Горин улыбался. Испуг с его лица исчез, словно и не было.

– Перестань называть меня на вы.

– О господи… – Инга выдернула руку. Пальцам сразу стало холодно и неуютно, и она даже слегка обиделась на свои пальцы, отозвавшиеся на ласку этого дурацкого Горина так, словно он имел над ними какую-то власть. – Вы что же, совсем ничего не поняли? Вообще ничего, да? Я вас не знаю! Не помню, значит, не знаю! Вы что от меня хотите? Чего вы от меня ждете?

– Прости, – сказал Горин миролюбиво и грустно. – Прости, Инга. Знаешь, в это трудно поверить. И привыкнуть к этому трудно.

– Знаю. Но ничем помочь не могу. Ни вам, ни себе. Может быть, вы уйдете?

– Ну что ты. Куда же я от тебя уйду. Я три дня с ума сходил. Я телефон свой сотовый в форточку выбросил. Двое суток пытался до тебя дозвониться, а потом разозлился на него и выбросил в форточку. И домашний аппарат расколотил тоже. Об стенку швырнул – так, что из него все внутренности вывалились. А потом случайно увидел сюжет по телевизору, и…

Горин грустно замолчал.

– И разбили телевизор? – злорадно подсказала Инга.

– Нет, не разбил, – серьезно и просто ответил Горин. – Сразу узнал, в какой ты больнице, и вот приехал. Пожалуйста, не называй меня на вы, Инга.

– Господи, ну неужели вы… неужели ты… не понимаешь? Я не знаю, я не помню ничего! Я вас… Я тебя… Кто ты вообще такой?

– Я Горин, – напомнил Горин. – Я люблю тебя. А ты любишь меня.

– Я люблю черный хлеб, намазанный маслом! – окончательно потеряв терпение, выпалила Инга. – Люблю лежать на спине! Люблю запах осени! Вот все, что я про себя знаю!

– Черный хлеб, намазанный маслом, – радостно улыбнулся Горин. Его реакция, как успела заметить Инга, была непредсказуемой. Только что он выглядел ужасно печальным, а теперь печаль исчезла, уступив место мальчишеской радости. – Только чтобы масло непременно было мягким, и чтоб намазано оно было очень тонким слоем. Вот видишь, ты вспомнила. Но… меня ты любишь все же сильнее, чем черный хлеб.

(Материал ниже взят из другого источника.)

Lemma seq_conv_unique u l l' : seq_conv d u l -> seq_conv d u l' -> l = l'.
Proof.
  intros Hl Hl'. apply eq_of_dist_small. intros eps Heps.
  destruct (Hl (eps / 2)) as [K HK]; [lra|]. destruct (Hl' (eps / 2)) as [K' HK'];[lra|].
  specialize (HK (K + K')%nat ltac:(lia)). specialize (HK' (K + K')%nat ltac:(lia)).
  pose proof (dist_triangle l (u (K + K')%nat) l') as Htri.
  rewrite (dist_sym l (u (K + K')%nat)) in Htri. lra.
Qed.

Lemma seq_conv_iterT_fixed (T : X -> X) x : T x = x -> seq_conv d (fun n => iterT T n x) x.
Proof.
  intros Hx eps Heps; exists 0%nat; intros n _.
  rewrite iterT_fixed, dist_refl; assumption.
Qed.

Lemma seq_conv_shift u l : seq_conv d u l -> seq_conv d (fun n => u (S n)) l.
Proof. intros Hl eps Heps. destruct (Hl eps Heps) as [K HK]. exists K; intros; apply HK; lia. Qed.

Lemma seq_conv_subseq u l (phi : nat -> nat) :
  (forall k, (phi k < phi (S k))%nat) -> seq_conv d u l -> seq_conv d (fun k => u (phi k)) l.
Proof.
  intros Hphi Hl eps Heps. destruct (Hl eps Heps) as [K HK]. exists K; intros k Hk.
  apply HK. enough (Hid : forall k, (k <= phi k)%nat) by (specialize (Hid k); lia).
  intros i; induction i as [|i IH]; [lia|]. specialize (Hphi i); lia.
Qed.

Lemma seq_conv_continuous (T : X -> X) u l :
  metric_continuous d T -> seq_conv d u l -> seq_conv d (fun n => T (u n)) (T l).
Proof.
  intros Hc Hl eps Heps. destruct (Hc l eps Heps) as [delta [Hdelta HT]].
  destruct (Hl delta Hdelta) as [K HK]. exists K; intros n Hn.
  rewrite dist_sym. apply HT. rewrite dist_sym. auto.
Qed.

Lemma dist_le_steps (u : nat -> X) (n0 : nat) (eta : R) :
  (forall k, (n0 <= k)%nat -> d (u k) (u (S k)) <= eta) ->
  forall n p, (n0 <= n)%nat -> d (u n) (u (n + p)%nat) <= INR p * eta.
Proof.
  intros Hstep n p Hn; induction p as [|p IH].
  - rewrite Nat.add_0_r, dist_refl. simpl. lra.
  - rewrite Nat.add_succ_r, S_INR.
    pose proof (Hstep (n + p)%nat ltac:(lia)).
    pose proof (dist_triangle (u n) (u (n + p)%nat) (u (S (n + p)))). lra.
Qed.

Section MeirKeeler.

Variables (Rl : X -> X -> Prop) (T : X -> X).
Hypotheses (HMK : MK_contractive d Rl T) (Hpres : R_preserving Rl T).

Lemma MK_nonexpansive x y : Rl x y -> d (T x) (T y) <= d x y.
Proof.
  intros Hxy. destruct (Rle_lt_or_eq_dec 0 (d x y) (dist_ge0 x y)) as [Hpos|Hz].
  - destruct (HMK _ Hpos) as [delta [Hdelta HT]]. left. apply HT; [exact Hxy|lra|lra].
  - symmetry in Hz. apply Hm in Hz. subst y. rewrite !dist_refl. lra.
Qed.

Lemma iterT_preserving k a b : Rl a b -> Rl (iterT T k a) (iterT T k b).
Proof. intros Hab; induction k as [|k IH]; simpl; auto. Qed.

Lemma iterT_nonexpansive k a b : Rl a b -> d (iterT T k a) (iterT T k b) <= d a b.
Proof.
  intros Hab; induction k as [|k IH]; simpl; [lra|].
  pose proof (MK_nonexpansive _ _ (iterT_preserving k a b Hab)). lra.
Qed.

Lemma seq_conv_related u l :
  (forall n, Rl (u n) l) -> seq_conv d u l -> seq_conv d (fun n => T (u n)) (T l).
Proof.
  intros Hrel Hl eps Heps. destruct (Hl eps Heps) as [K HK]. exists K; intros n Hn.
  pose proof (MK_nonexpansive _ _ (Hrel n)). specialize (HK n Hn). lra.
Qed.

Definition asymptotic (a b : X) : Prop :=
  forall eps, 0 < eps -> exists K : nat, forall k, (K <= k)%nat ->
    d (iterT T k a) (iterT T k b) < eps.

Lemma asymptotic_refl a : asymptotic a a.
Proof. intros eps Heps; exists 0%nat; intros; rewrite dist_refl; exact Heps. Qed.

Lemma asymptotic_sym a b : asymptotic a b -> asymptotic b a.
Proof.
  intros Hab eps Heps. destruct (Hab eps Heps) as [K HK].
  exists K; intros; rewrite dist_sym; auto.
Qed.

Lemma asymptotic_trans a b c : asymptotic a b -> asymptotic b c -> asymptotic a c.
Proof.
  intros Hab Hbc eps Heps.
  destruct (Hab (eps / 2)) as [K1 HK1]; [lra|]. destruct (Hbc (eps / 2)) as [K2 HK2]; [lra|].
  exists (K1 + K2)%nat; intros k Hk.
  specialize (HK1 k ltac:(lia)). specialize (HK2 k ltac:(lia)).
  pose proof (dist_triangle (iterT T k a) (iterT T k b) (iterT T k c)). lra.
Qed.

Они помолчали немного. Потом Инга подняла глаза и сказала беспомощно:

– Сегодня утром я почувствовала запах табачного дыма. Из форточки. И бросилась как сумасшедшая в комнату для курения. Попробовала курить, затянулась. Потом долго кашляла.

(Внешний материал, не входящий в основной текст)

(* Let $n\ge 0$ and $r\ge 1$ be integers and let $x$ be a complex number with $xF_r(x)\neq 0$. Then \[ 2\sum_{j=0}^{n}F_{r-1}(x)^jF_{r+1}(x)^{n-j}=\sum_{j=0}^{n}\left(\frac{L_r(x)}{2}\right)^j\left(F_{r+1}(x)^{n-j}+F_{r-1}(x)^{n-j}\right)=2\,\frac{F_{r+1}(x)^{n+1}-F_{r-1}(x)^{n+1}}{xF_r(x)}. \]
   Context: The Fibonacci polynomials $F_n(x)$ and Lucas polynomials $L_n(x)$ are defined by $F_0(x)=0$, $F_1(x)=1$, $L_0(x)=2$, $L_1(x)=x$ and $G_{n+1}(x)=xG_n(x)+G_{n-1}(x)$. *)

From HB Require Import structures.
From mathcomp Require Import all_boot all_order all_algebra.
From mathcomp Require Import reals.
From mathcomp Require Export complex.
Set Implicit Arguments. Unset Strict Implicit. Unset Printing Implicit Defensive.
Import Order.TTheory GRing.Theory Num.Theory.
Local Open Scope ring_scope.

Fixpoint Gpoly (R : nzRingType) (g0 g1 : {poly R}) (n : nat) : {poly R} :=
  match n with
  | 0 => g0
  | 1 => g1
  | S ((S m) as k) => 'X * Gpoly g0 g1 k + Gpoly g0 g1 m
  end.

Definition fibp (R : nzRingType) (n : nat) : {poly R} := Gpoly 0 1 n.
Definition lucp (R : nzRingType) (n : nat) : {poly R} := Gpoly 2%:R%:P 'X n.

From HB Require Import structures.
From mathcomp Require Import all_boot all_order all_algebra.
From mathcomp Require Import reals complex.
From mathcomp Require Import ring.
Import Order.TTheory GRing.Theory Num.Theory.
Local Open Scope ring_scope.

(* With a = F_{r+1}(x), b = F_{r-1}(x) one has a - b = x F_r(x) and
   a + b = L_r(x).  Both sums are then quotients by a - b: the first is the
   geometric sum of a^(n+1) - b^(n+1), and for m = (a + b) / 2 the second
   satisfies (a - b) S_n = 2 (a^(n+1) - b^(n+1)), by induction on n from
   S_(n+1) = a^(n+1) + b^(n+1) + m S_n. *)

Lemma fibpSS (R : nzRingType) k : fibp R k.+2 = 'X * fibp R k.+1 + fibp R k.
Proof. by []. Qed.

Lemma lucpSS (R : nzRingType) k : lucp R k.+2 = 'X * lucp R k.+1 + lucp R k.
Proof. by []. Qed.

Lemma lucp_fibp (R : comNzRingType) k :
  lucp R k.+1 = fibp R k.+2 + fibp R k.
Proof.
suff [-> _] : lucp R k.+1 = fibp R k.+2 + fibp R k /\
              lucp R k.+2 = fibp R k.+3 + fibp R k.+1 by [].
elim: k => [|k [IH1 IH2]].
  by rewrite lucpSS !fibpSS /lucp /fibp /= polyC_natr; split; ring.
split=> //; rewrite lucpSS IH1 IH2 !fibpSS.
set A := fibp R k.+1; set B := fibp R k; ring.
Qed.

Lemma subr_fibpSS (R : nzRingType) k : fibp R k.+2 - fibp R k = 'X * fibp R k.+1.
Proof. by rewrite fibpSS addrK. Qed.

Lemma mulr_subr_sum_mean (R : comNzRingType) (a b m : R) n :
  2 * m = a + b ->
  (a - b) * \sum_(j < n.+1) m ^+ j * (a ^+ (n - j) + b ^+ (n - j))
   = 2 * (a ^+ n.+1 - b ^+ n.+1).
Proof.
move=> mean_m; elim: n => [|n IH].
  by rewrite big_ord1 !expr0 mul1r; ring.
rewrite big_ord_recl subn0 expr0 mul1r.
have -> : \sum_(j < n.+1) m ^+ bump 0 j * (a ^+ (n.+1 - bump 0 j) + b ^+ (n.+1 - bump 0 j))
        = m * \sum_(j < n.+1) m ^+ j * (a ^+ (n - j) + b ^+ (n - j)).
  by rewrite mulr_sumr; apply: eq_bigr => j _; rewrite exprS mulrA.
rewrite mulrDr mulrCA IH mulrA (mulrC m) mean_m !(exprS _ n.+1).
set u := a ^+ n.+1; set v := b ^+ n.+1; ring.
Qed.

Lemma sum_geom_mean (F : fieldType) (a b m : F) n :
  a - b != 0 -> 2 * m = a + b ->
  (2 * \sum_(j < n.+1) b ^+ j * a ^+ (n - j)
   = \sum_(j < n.+1) m ^+ j * (a ^+ (n - j) + b ^+ (n - j)))
  /\
  (\sum_(j < n.+1) m ^+ j * (a ^+ (n - j) + b ^+ (n - j))
   = 2 * ((a ^+ n.+1 - b ^+ n.+1) / (a - b))).
Proof.
move=> ab_neq0 mean_m; have mean_sum := @mulr_subr_sum_mean _ a b m n mean_m.
have geom_sum : a ^+ n.+1 - b ^+ n.+1 = (a - b) * \sum_(j < n.+1) b ^+ j * a ^+ (n - j).
  by rewrite subrXX; congr (_ * _); apply: eq_bigr => j _; rewrite mulrC.
split; apply: (mulfI ab_neq0); rewrite mean_sum.
  by rewrite mulrCA -geom_sum.
by rewrite mulrCA [(a - b) * _]mulrC divfK.
Qed.

Local Open Scope complex_scope.

Theorem theorem11 (R : realType) (n r : nat) (x : R[i]) :
  (1 <= r)%N ->
  x * (fibp _ r).[x] != 0 ->
  (2 * \sum_(j < n.+1) (fibp _ r.-1).[x] ^+ j * (fibp _ r.+1).[x] ^+ (n - j)
   = \sum_(j < n.+1) ((lucp _ r).[x] / 2) ^+ j *
        ((fibp _ r.+1).[x] ^+ (n - j) + (fibp _ r.-1).[x] ^+ (n - j)))
  /\
  (\sum_(j < n.+1) ((lucp _ r).[x] / 2) ^+ j *
        ((fibp _ r.+1).[x] ^+ (n - j) + (fibp _ r.-1).[x] ^+ (n - j))
   = 2 * (((fibp _ r.+1).[x] ^+ n.+1 - (fibp _ r.-1).[x] ^+ n.+1)
          / (x * (fibp _ r).[x]))).
Proof.
case: r => [//|k] _ /=.
have <- : (fibp R[i] k.+2).[x] - (fibp R[i] k).[x] = x * (fibp R[i] k.+1).[x].
  by rewrite -hornerN -hornerD subr_fibpSS hornerM hornerX.
move=> ab_neq0.
have mean_m : 2 * ((lucp R[i] k.+1).[x] / 2) = (fibp R[i] k.+2).[x] + (fibp R[i] k).[x].
  by rewrite mulrC divfK ?pnatr_eq0 // lucp_fibp hornerD.
exact: (@sum_geom_mean _ _ _ _ n ab_neq0 mean_m).
Qed.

Она и сама не знала, зачем это сказала. Как будто белый фланг выкинула. Сдалась на милость победителя. Признала, что этот самый Горин, которого она абсолютно не помнит, имеет полное право сидеть на полу возле ее постели и сжимать ее пальцы в своей жесткой ладони. Если уж он так уверен в том, что она любит его все же сильнее, чем черный хлеб.

– Бедная моя, – пробормотал он, уткнувшись губами в ее ладонь. – Моя хорошая…

«Черт, – подумала Инга, – зачем он так сидит?»

Ей ужасно не нравилось, что этот Горин сидит перед ней на корточках и заставляет ее все время смотреть на него сверху. Как смотрят обычно взрослые люди на меленьких детей. Наверное, если бы он так не сидел, она бы давно уже его прогнала. Но прогонять Горина, который смотрел на нее снизу вверх, ей было неудобно.

Или, может быть, ей просто хочется, чтобы он остался?

Что за нелепость, подумала Инга, отгоняя прочь глупые мысли и одновременно выдергивая свою ладонь из прохладной руки Горина. «Я люблю тебя. А ты любишь меня» – пронеслось в голове. Черт, как же это было бы просто, если бы не было так сложно!

Горин выпустил Ингины пальцы из своей ладони без всякого сопротивления – только проводил грустным и немного обиженным, как показалось Инге, взглядом.

– Ладно. Хорошо. Пусть, – отрывисто проговорила она, пытаясь убедить себя в неизбежности происходящего. – Тогда расскажите… Тогда расскажи мне. Расскажи, как все было. Кто ты. Как мы познакомились. Что нас связывает. Какие-нибудь подробности. Может, я что-нибудь вспомню. А если не вспомню… Если не вспомню, может быть, просто поверю. Или не поверю, не важно. Просто расскажи.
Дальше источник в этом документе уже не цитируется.